The “poison LR” return address points back to another breakpoint, so when the function returns, a new exception is generated and Predator regains control. This creates an infinitely reusable remote procedure call mechanism.

Source reference: The function at 0x10000B028 logs its file origin as “TaskROPDevOff.h” — confirming this is a ROP-based technique designed for devices without Developer Mode enabled.

Finding 5: RWTransfer — sharing kernel primitives across processes

Predator’s architecture splits functionality across multiple processes: a “watcher” manages the lifecycle, while “helper” processes perform actual surveillance. The watcher obtains kernel R/W through the initial exploit, but helpers also need it. RWTransfer solves this.

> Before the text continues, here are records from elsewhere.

(* Let $n\ge2$ and consider a line (path) on $n$ nodes, where the node at position $i$ initially has integer load $i$. Run any matching-based integral load-balancing algorithm against the following adversary: the graph is always a path on the $n$ nodes; in each round, after each pair of adjacent nodes in the matching exchanges load, the adversary swaps the two nodes of that pair if necessary so that the lighter one is at the smaller position (no other changes). Let $a_t[i]$ be the load of the node at position $i$ of the path at time $t$ ($a_1[i]=i$) and $p_t^k=\sum_{j=1}^k a_t[j]$ (with $p_t^0=0$). Then for all $t\ge1$ and all $k\in\{0,1,\dots,n\}$, $p_t^k\le p_1^k$.
   Context: Integral load balancing: loads are non-negative integers that remain integers, total load preserved. A matching-based algorithm: in each round, the pairs of nodes exchanging load form a matching of the current graph, and each matched pair redistributes its combined load between its two nodes as integers; unmatched nodes keep their load. Nodes may exchange information with all their neighbours each round. *)

(* Positions on the path are 0-indexed: position p (0 <= p < n)
   corresponds to the paper's position p+1. A configuration is a function
   nat -> nat giving the load at each position (values at positions >= n are
   irrelevant). *)
From mathcomp Require Import all_boot all_order.
Set Implicit Arguments. Unset Strict Implicit. Unset Printing Implicit Defensive.

(* A matching of the path on n nodes, encoded by the set M of left endpoints:
   i \in M means edge {i, i+1} is matched; edges must exist and be disjoint. *)
Definition path_matching (n : nat) (M : pred nat) : Prop :=
  forall i, M i -> i.+1 < n /\ ~~ M i.+1.

(* One round against the adversary: each matched pair (i, i+1) redistributes
   its combined load as integers (arbitrarily, as chosen by the algorithm),
   then the adversary places the lighter node at the smaller position;
   unmatched nodes keep their load. *)
Definition adversary_round (n : nat) (a a' : nat -> nat) : Prop :=
  exists M : pred nat, path_matching n M /\
    (forall i, M i -> a' i + a' i.+1 = a i + a i.+1 /\ a' i <= a' i.+1) /\
    (forall j, j < n -> ~~ M j -> (forall i, M i -> i.+1 <> j) -> a' j = a j).

(* prefix sum p^k = a[1] + ... + a[k] (paper's 1-indexing) *)
Definition prefix_load (a : nat -> nat) (k : nat) : nat := \sum_(i < k) a i.

(* The invariant is p^k <= 1 + 2 + ... + k = 'C(k+1, 2), with equality at the
   start.  A round leaves p^k unchanged unless the cut between positions k-1
   and k splits a matched pair (k-1, k); in that case the sorted exchange puts
   at most half of the pair's load at position k-1, so 2 p'^k <= p^(k-1) +
   p^(k+1), and the discrete convexity of k |-> 'C(k+1, 2) gives the bound. *)
From mathcomp Require Import all_boot all_order.
From mathcomp Require Import zify.

Set Implicit Arguments.
Unset Strict Implicit.

Definition matching_cut (M : pred nat) (k : nat) : Prop :=
  forall i, M i -> i.+1 <> k.

Lemma prefix_loadS (a : nat -> nat) k :
  prefix_load a k.+1 = prefix_load a k + a k.
Proof. by rewrite /prefix_load big_ord_recr. Qed.

Lemma prefix_load_succ_id (a : nat -> nat) k :
  (forall i, i < k -> a i = i.+1) -> prefix_load a k = 'C(k.+1, 2).
Proof.
elim: k => [|k IHk] a_id; first by rewrite /prefix_load big_ord0.
rewrite prefix_loadS IHk => [|i i_lt]; last by rewrite a_id // ltnW.
by rewrite a_id // [in RHS]binS bin1.
Qed.

Lemma bin2_convex k : 'C(k, 2) + 'C(k.+2, 2) = ('C(k.+1, 2)).*2.+1.
Proof. rewrite !binS !bin1 bin0; lia. Qed.

Section AdversaryRound.

Variables (n : nat) (M : pred nat) (a a' : nat -> nat).
Hypothesis M_matching : path_matching n M.
Hypothesis pair_sum : forall i, M i -> a' i + a' i.+1 = a i + a i.+1.
Hypothesis unmatched_fixed :
  forall j, j < n -> ~~ M j -> matching_cut M j -> a' j = a j.

Lemma matching_cut_left i : M i -> matching_cut M i.
Proof. by move=> Mi j Mj ji; have [_] := M_matching Mj; rewrite ji Mi. Qed.

Lemma prefix_load_round_cut k :
  k <= n -> matching_cut M k -> prefix_load a' k = prefix_load a k.
Proof.
elim/ltn_ind: k => -[|[|l]] IHk k_le cut_k; first by rewrite /prefix_load !big_ord0.
  have M0 : ~~ M 0 by apply/negP => /cut_k.
  by rewrite !prefix_loadS /prefix_load !big_ord0 unmatched_fixed.
have Ml1 : ~~ M l.+1 by apply/negP => /cut_k.
case Ml: (M l).
  rewrite !prefix_loadS -!addnA pair_sum // IHk //; first lia.
  exact: matching_cut_left.
have cut_l1 : matching_cut M l.+1 by move=> i Mi /succn_inj il; rewrite il Ml in Mi.
by rewrite (prefix_loadS a') (prefix_loadS a) IHk ?unmatched_fixed ?(ltnW k_le).
Qed.

Hypothesis pair_sorted : forall i, M i -> a' i <= a' i.+1.

Lemma prefix_load_round_split i :
  M i -> (prefix_load a' i.+1).*2 <= prefix_load a i + prefix_load a i.+2.
Proof.
move=> Mi; have [i1_lt _] := M_matching Mi.
have := pair_sum Mi; have := pair_sorted Mi.
rewrite !prefix_loadS prefix_load_round_cut //; [lia | lia | exact: matching_cut_left].
Qed.

Lemma prefix_load_round_bin2 :
  (forall k, k <= n -> prefix_load a k <= 'C(k.+1, 2)) ->
  forall k, k <= n -> prefix_load a' k <= 'C(k.+1, 2).
Proof.
move=> bound [|i] i_lt; first by rewrite /prefix_load big_ord0.
case Mi: (M i); last first.
  rewrite prefix_load_round_cut ?bound // => j Mj /succn_inj ji.
  by rewrite ji Mi in Mj.
have [i1_lt _] := M_matching Mi.
have := prefix_load_round_split Mi; have := bin2_convex i.+1.
have := bound i (ltnW (ltnW i1_lt)); have := bound i.+2 i1_lt; lia.
Qed.

End AdversaryRound.

Lemma adversary_round_bin2 n (a a' : nat -> nat) :
  adversary_round n a a' ->
  (forall k, k <= n -> prefix_load a k <= 'C(k.+1, 2)) ->
  forall k, k <= n -> prefix_load a' k <= 'C(k.+1, 2).
Proof.
move=> [M [M_matching [pair_ok unmatched_fixed]]].
by apply: (prefix_load_round_bin2 M_matching _ unmatched_fixed) => i /pair_ok[].
Qed.

Theorem lemma4 (n : nat) (a : nat -> nat -> nat) :
  2 <= n ->
  (forall i, i < n -> a 1 i = i.+1) ->
  (forall t, 1 <= t -> adversary_round n (a t) (a t.+1)) ->
  forall t k, 1 <= t -> k <= n -> prefix_load (a t) k <= prefix_load (a 1) k.
Proof.
move=> _ a1_id round t k t_ge1 k_le.
have init k' : k' <= n -> prefix_load (a 1) k' = 'C(k'.+1, 2).
  by move=> k'_le; apply: prefix_load_succ_id => i i_lt; rewrite a1_id ?(leq_trans i_lt).
rewrite init //; elim: t t_ge1 k k_le => [//|[|t] IHt] _ k k_le.
  by rewrite init.
exact: adversary_round_bin2 (round t.+1 isT) (IHt isT) k k_le.
Qed.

The watcher walks kernel-linked lists (with offsets specific to device class) to find the helper’s task structure, then its IPC space, then individual port entries. This is one of the most complex components in Predator — involving simultaneous manipulation of Mach ports, file descriptors, kernel linked lists and thread states.

Finding 6: remote Objective-C method resolution

When Predator needs to hook an Objective-C method in a remote process, it can’t always rely on local runtime queries. While methods implemented within the dyld shared cache are mapped at identical addresses across all processes on the same boot, methods in application-specific binaries are subject to per-process ASLR slides. Predator therefore executes the full Objective-C runtime resolution chain remotely using callFunc, ensuring correct results regardless of where the target method is implemented:

Each callFunc invocation goes through the full Mach exception → PAC cache → thread state manipulation pipeline. Performing all four steps remotely guarantees correct resolution even for methods outside the shared cache, where the local and remote addresses would differ due to independent ASLR slides.

Finding 7: device support matrix — 21 models in 5 classes

Kernel structure layouts vary between iPhone models due to differences in SoC generation, security features and iOS kernel builds. Predator maintains per-device-class configurations with precise kernel offsets.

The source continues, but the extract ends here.